I recently read a poem that
described a lot of my feelings. This woman describes her experience going to a
book store after her newborn died. Instead of buying a book about babies,
she was buying a book about grief.
"The titles inviting me to join
their band
of broken hearts and shattered lives.
I want to
scream-I do not belong here!
...I choose the book on grief
and lay it
on the counter like an unclean thing.
The eyes
have changed, they look away,
no longer
wanting to see inside you.
They secret
my purchase away
but I am not
concealed
I have been
torn open for all to see..."
Remember in high school when you were able to take part in extracurricular activities...some of them being clubs. There was FHA, FFA, NHS, Key Club, chess, etc. What if you showed up on the first day of your freshman year, and they randomly selected students to be in certain clubs? You didn't get to choose. Well... no one would like that. The whole point of these clubs is to find something that suits you and helps you interact with like minded people. What if, for example, there was a toilet cleaning club. 5 out of 2000 students were selected and were in charge of cleaning toilets every Wednesday for 3 hours after school. Students in this club wouldn't be able to be part of any other club for the duration of their high school experience.
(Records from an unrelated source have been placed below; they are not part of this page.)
(* Let $D$ be an integral domain and let $\mathcal{E}(D)$ be its essential prime spectrum. The following are equivalent: (i) $D$ is a PvMD; (ii) $D$ is an essential domain and there is a subset $Y\subseteq\operatorname{Spec}(D)$ such that $\{D_{\mathfrak p}:\mathfrak p\in Y\}$ is an essential representation of $D$ and $\operatorname{Cl}^c(Y)\subseteq\mathcal{E}(D)$.
   Context: All rings are commutative with identity. For an integral domain $D$ with quotient field $K$ and a nonzero fractional ideal $I$, set $(D:I)=\{x\in K: xI\subseteq D\}$, $I^v=(D:(D:I))$, and $I^t=\bigcup\{J^v: J\subseteq I,\ J \text{ finitely generated}\}$. An ideal $I$ is a $t$-ideal if $I=(0)$ or $I=I^t$; a $t$-prime is a prime $t$-ideal; a $t$-maximal ideal is a $t$-ideal maximal among proper $t$-ideals; $t\text{-Spec}(D)$ is the set of $t$-primes (including $(0)$). $D$ is a PvMD (Prüfer $v$-multiplication domain) if $D_{\mathfrak m}$ is a valuation domain for every $t$-maximal ideal $\mathfrak m$ of $D$. A valuation overring of $D$ is essential if it equals $D_{\mathfrak p}$ for some prime $\mathfrak p$ of $D$. An essential representation of $D$ is a family of essential valuation overrings of $D$ whose intersection is $D$; $D$ is essential if it has an essential representation. $\mathcal{E}(D)=\{\mathfrak p\in\operatorname{Spec}(D): D_{\mathfrak p}\text{ is a valuation domain}\}$. The constructible topology on $\operatorname{Spec}(A)$ is the coarsest topology in which every set $D(f)=\{\mathfrak p: f\notin\mathfrak p\}$, $f\in A$, is clopen; $\operatorname{Cl}^c(Y)$ denotes the closure of $Y\subseteq\operatorname{Spec}(A)$ in this topology. *)

(* The integral domain D is R : idomainType, its quotient
   field K is {fraction R}; D is identified with its image under x |-> x%:F. *)
From HB Require Import structures.
From mathcomp Require Import all_boot all_order all_algebra.
From mathcomp Require Import fraction.
Set Implicit Arguments. Unset Strict Implicit. Unset Printing Implicit Defensive.
Import GRing.Theory.
Local Open Scope ring_scope.

Section Defs.
Variable R : idomainType.
Local Notation K := {fraction R}.
Local Notation "x %:F" := (@FracField.tofrac R x).

Definition is_ideal (I : R -> Prop) : Prop :=
  I 0 /\ (forall x y, I x -> I y -> I (x + y)) /\ (forall r x, I x -> I (r * x)).

Definition is_prime (P : R -> Prop) : Prop :=
  is_ideal P /\ ~ P 1 /\ (forall x y, P (x * y) -> P x \/ P y).

Definition dom : K -> Prop := fun x => exists a : R, x = a%:F.
Definition frac_set (I : R -> Prop) : K -> Prop :=
  fun x => exists a, I a /\ x = a%:F.

Definition colon (A : K -> Prop) : K -> Prop :=
  fun x => forall y, A y -> dom (x * y).
Definition vclos (A : K -> Prop) : K -> Prop := colon (colon A).

Definition gen_ideal (s : seq R) : R -> Prop :=
  fun x => exists c : seq R, size c = size s /\
                             x = \sum_(i < size s) c`_i * s`_i.

Definition tclos (I : R -> Prop) : K -> Prop :=
  fun x => exists s : seq R, (forall a, gen_ideal s a -> I a) /\
                             vclos (frac_set (gen_ideal s)) x.

Definition t_ideal (I : R -> Prop) : Prop :=
  is_ideal I /\
  ((forall x, I x <-> x = 0) \/ (forall x, frac_set I x <-> tclos I x)).

Definition t_maximal (M : R -> Prop) : Prop :=
  t_ideal M /\ ~ M 1 /\
  (forall J, t_ideal J -> ~ J 1 -> (forall x, M x -> J x) -> forall x, J x -> M x).

Definition loc (P : R -> Prop) : K -> Prop :=
  fun x => exists a s : R, ~ P s /\ x = a%:F / s%:F.

Definition is_valuation (V : K -> Prop) : Prop :=
  forall x : K, x != 0 -> V x \/ V x^-1.

Definition PvMD : Prop :=
  forall M, t_maximal M -> is_valuation (loc M).

Definition essential_valuation_overring (V : K -> Prop) : Prop :=
  is_valuation V /\ exists P, is_prime P /\ (forall x, V x <-> loc P x).

Definition essential_rep (F : (K -> Prop) -> Prop) : Prop :=
  (forall V, F V -> essential_valuation_overring V) /\
  (forall x, (forall V, F V -> V x) <-> dom x).

Definition essential_domain : Prop := exists F, essential_rep F.

Definition Espec (P : R -> Prop) : Prop := is_prime P /\ is_valuation (loc P).

(** constructible topology on Spec(D): the topology generated by the sets
    D(f) and their complements (coarsest topology making every D(f) clopen);
    sets are taken as sets of predicates, intersected with Spec(D) below. *)
Definition Dset (f : R) : (R -> Prop) -> Prop := fun P => ~ P f.

Inductive c_open : ((R -> Prop) -> Prop) -> Prop :=
  | c_open_D f : c_open (Dset f)
  | c_open_V f : c_open (fun P => ~ Dset f P)
  | c_open_full : c_open (fun _ => True)
  | c_open_inter U W : c_open U -> c_open W -> c_open (fun P => U P /\ W P)
  | c_open_union (F : ((R -> Prop) -> Prop) -> Prop) :
      (forall U, F U -> c_open U) -> c_open (fun P => exists U, F U /\ U P).

Definition cl_c (Y : (R -> Prop) -> Prop) (P : R -> Prop) : Prop :=
  is_prime P /\ forall U, c_open U -> U P -> exists Q, Y Q /\ is_prime Q /\ U Q.

End Defs.

From HB Require Import structures.
From mathcomp Require Import all_boot all_order all_algebra.
From mathcomp Require Import fraction.
From mathcomp Require Import boolp classical_sets filter.
From mathcomp Require Import ring.
Set Implicit Arguments. Unset Strict Implicit. Unset Printing Implicit Defensive.
Import GRing.Theory.
Local Open Scope ring_scope.
Local Open Scope classical_set_scope.

(* (i) => (ii): take Y to be the t-maximal ideals.  In any domain, D is the
   intersection of the D_M with M t-maximal, because the ideal of denominators
   (D :_D x) of an x outside D is t-proper.  If P is in the constructible
   closure of t-Max(D) and neither x nor x^-1 lies in D_P, then the ideals of
   denominators of x and of x^-1 both lie in P.  In a PvMD their sum has
   t-closure D, so each of them is contained in the v-closure of a finitely
   generated subideal; a t-maximal Q containing these finitely many generators
   (it exists because P is in the closure) contains both ideals, contradicting
   that D_Q is a valuation domain.
   (ii) => (i): for M t-maximal, the sets {Q in Y | s in Q}, s a finite subset
   of M, have the finite intersection property, since otherwise the essential
   representation puts 1 in (s)^v, hence in M^t = M.  The limit of Y along an
   ultrafilter refining them is a prime in the constructible closure of Y that
   contains M, so D_M is an overring of a valuation domain. *)

Lemma choice_on (T U : Type) (u0 : U) (S : T -> Prop) (P : T -> U -> Prop) :
  (forall t, S t -> exists u, P t u) -> exists f : T -> U, forall t, S t -> P t (f t).
Proof.
move=> SP; have /choice [f Pf] : forall t, exists u, S t -> P t u.
  move=> t; have [/SP [u Pu]|nSt] := pselect (S t); first by exists u.
  by exists u0.
by exists f.
Qed.

Lemma chain_bigcup_seq (T : eqType) (F : set (set T)) (N0 : set T) :
  total_on F subset -> F N0 ->
  forall l : seq T, (forall r, r \in l -> (\bigcup_(N in F) N) r) ->
  exists2 N, F N & N0 `<=` N /\ forall r, r \in l -> N r.
Proof.
move=> Ftot FN0; elim=> [|a l IHl] Fl; first by exists N0 => //; split => // r.
have [|N FN [N0N Nl]] := IHl; first by move=> r rl; apply: Fl; rewrite inE rl orbT.
have [N' FN' N'a] := Fl a (mem_head _ _).
have [NN'|N'N] := Ftot _ _ FN FN'.
- exists N' => //; split=> [|r]; first exact: subset_trans NN'.
  by rewrite inE => /orP [/eqP -> //|/Nl/NN'].
- by exists N => //; split=> // r; rewrite inE => /orP [/eqP -> |/Nl //]; apply: N'N.
Qed.

Section PvMD.
Variable R : idomainType.
Local Notation K := {fraction R}.
Local Notation "x %:F" := (@FracField.tofrac R x).
Implicit Types (x y w : K) (a b c d e r : R) (s l : seq R) (I J M N P Q : set R).

Lemma tofrac_inj : injective (@FracField.tofrac R).
Proof. by move=> a b /eqP; rewrite tofrac_eq => /eqP. Qed.

Lemma frac_setK I a : frac_set I a%:F -> I a.
Proof. by move=> [b [Ib /tofrac_inj ->]]. Qed.

Lemma dom_tofrac a : dom a%:F. Proof. by exists a. Qed.
Lemma dom0 : dom (0 : K). Proof. by exists 0; rewrite tofrac0. Qed.
Local Hint Resolve dom_tofrac dom0 : core.

Lemma domD x y : dom x -> dom y -> dom (x + y).
Proof. by move=> [a ->] [b ->]; rewrite -tofracD. Qed.

Lemma domM x y : dom x -> dom y -> dom (x * y).
Proof. by move=> [a ->] [b ->]; rewrite -tofracM. Qed.

Definition is_submodule (W : set K) :=
  W 0 /\ (forall x y, W x -> W y -> W (x + y)) /\ (forall a x, W x -> W (a%:F * x)).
I feel like I am a new member of a club that no one wants to belong to. It is the club of mothers whose babies have died. People shudder, sometimes literally, when they hear about this club. They say, "I can't even imagine."
No.......you really can't imagine.
I imagined
and imagined and imagined from July until November, and I couldn't have
imagined how this would be. It is a small band of sad women, who feel
relegated to dark, lonely place. They thought they would be in the club of
"New Mothers," which makes the contrast seem even more
unbearable. They are on the outskirts of the rest of the population; just
in seeing and hearing distance from the "New Mothers" club they had
planned on joining. This club looks sickly and feels like death, and
everyone in this club has thought that death would be preferable to this place
on at least one occasion.
There isn't much to look at in our club besides empty arms and shattered dreams, so a lot of women find themselves
looking longingly towards different clubs...but mostly just the one club.
Many people like clubs of one kind of another. I'm not sure we call them "clubs," but that is what they are. Here are some easy bumper sticker examples. I am in the "RAGNAR" club. I am in the "LOTOJA" club. I am in the "My child is an Honor Student" club. I am in the "Baby on Board" club. I am in the "Obama Hater" club. You don't see bumper stickers that say: I am in the "sit on the couch and eat Cheetos all day" club. I am in the "my child gets C's and D's club." I am in the "I forgot to vote on election day" club. Or even worse: I am in the "infertility" club. I am in the "Yearning to be Married" club. We don't want to brag about those things. We don't like being in those clubs. We like to take credit for all the "good" clubs we are in, but don't put a spotlight on the clubs we don't like. There is no bragging in the club I belong to. No one wanted to be a member.
When someone new joins the club we all weep when they arrive. We never want anyone else to come and join us. We would rather everyone was in the "New Mothers" club even if we can't be there. When you first arrive, it feels wretchedly unfair that you have to be here at all. You are happy there is support and love, but you can't get over the fact that you hate this place. You hate that you are a lifetime member.
You do different things in this club. Going to the cemetery on holidays has become a new tradition for many of us. You are grateful you have a place to go, but feel too young to be there in the first place. On the 23rd of December we went "shopping" for headstones. It was as unpleasant as it sounds. I was bitter that my holiday "shopping" was limited to this right now. Who in the world does that when they are only 33? Someone in my club does that.
For Christmas, I was planning on buying tiny shoes and socks for my bundle of joy. Instead I got to buy a wreath to put on his grave. When I imagined spending Christmas with my new baby, this isn't what I had in mind. When you get gifts you don't get sweet little outfits and diapers. You get books about grieving and calming bath salts. Because you actually have time to read books and take baths every night now that your baby is gone. Please don't think I am ungrateful for the above gifts. I most definitely am grateful. I need those things in abundance right now and I truly appreciate them. I am just sad that I am in the club that has to receive those gifts. When someone picks out a card for me they don't go to the "welcome baby" area. They go to the sympathy and condolence section. I only know because I recently bought a card for someone in that area and it seemed like a cruel irony.
There are initiation requirements for some clubs. In the "New Mothers" club you are initiated with nursing problems, sleepless nights and a post baby body. In my club, you still have your milk come in, but no baby to feed. You still have sleepless nights, but not because you are snuggling your baby. You usually have a post baby body too, but no baby to validate that either.
My friends say I still belong to their "club," but I know I don't. I can't anymore. At least not right now. I feel like I have been marked. I will always be here, but someday I can be part of other clubs again. Clubs of my choosing, hopefully.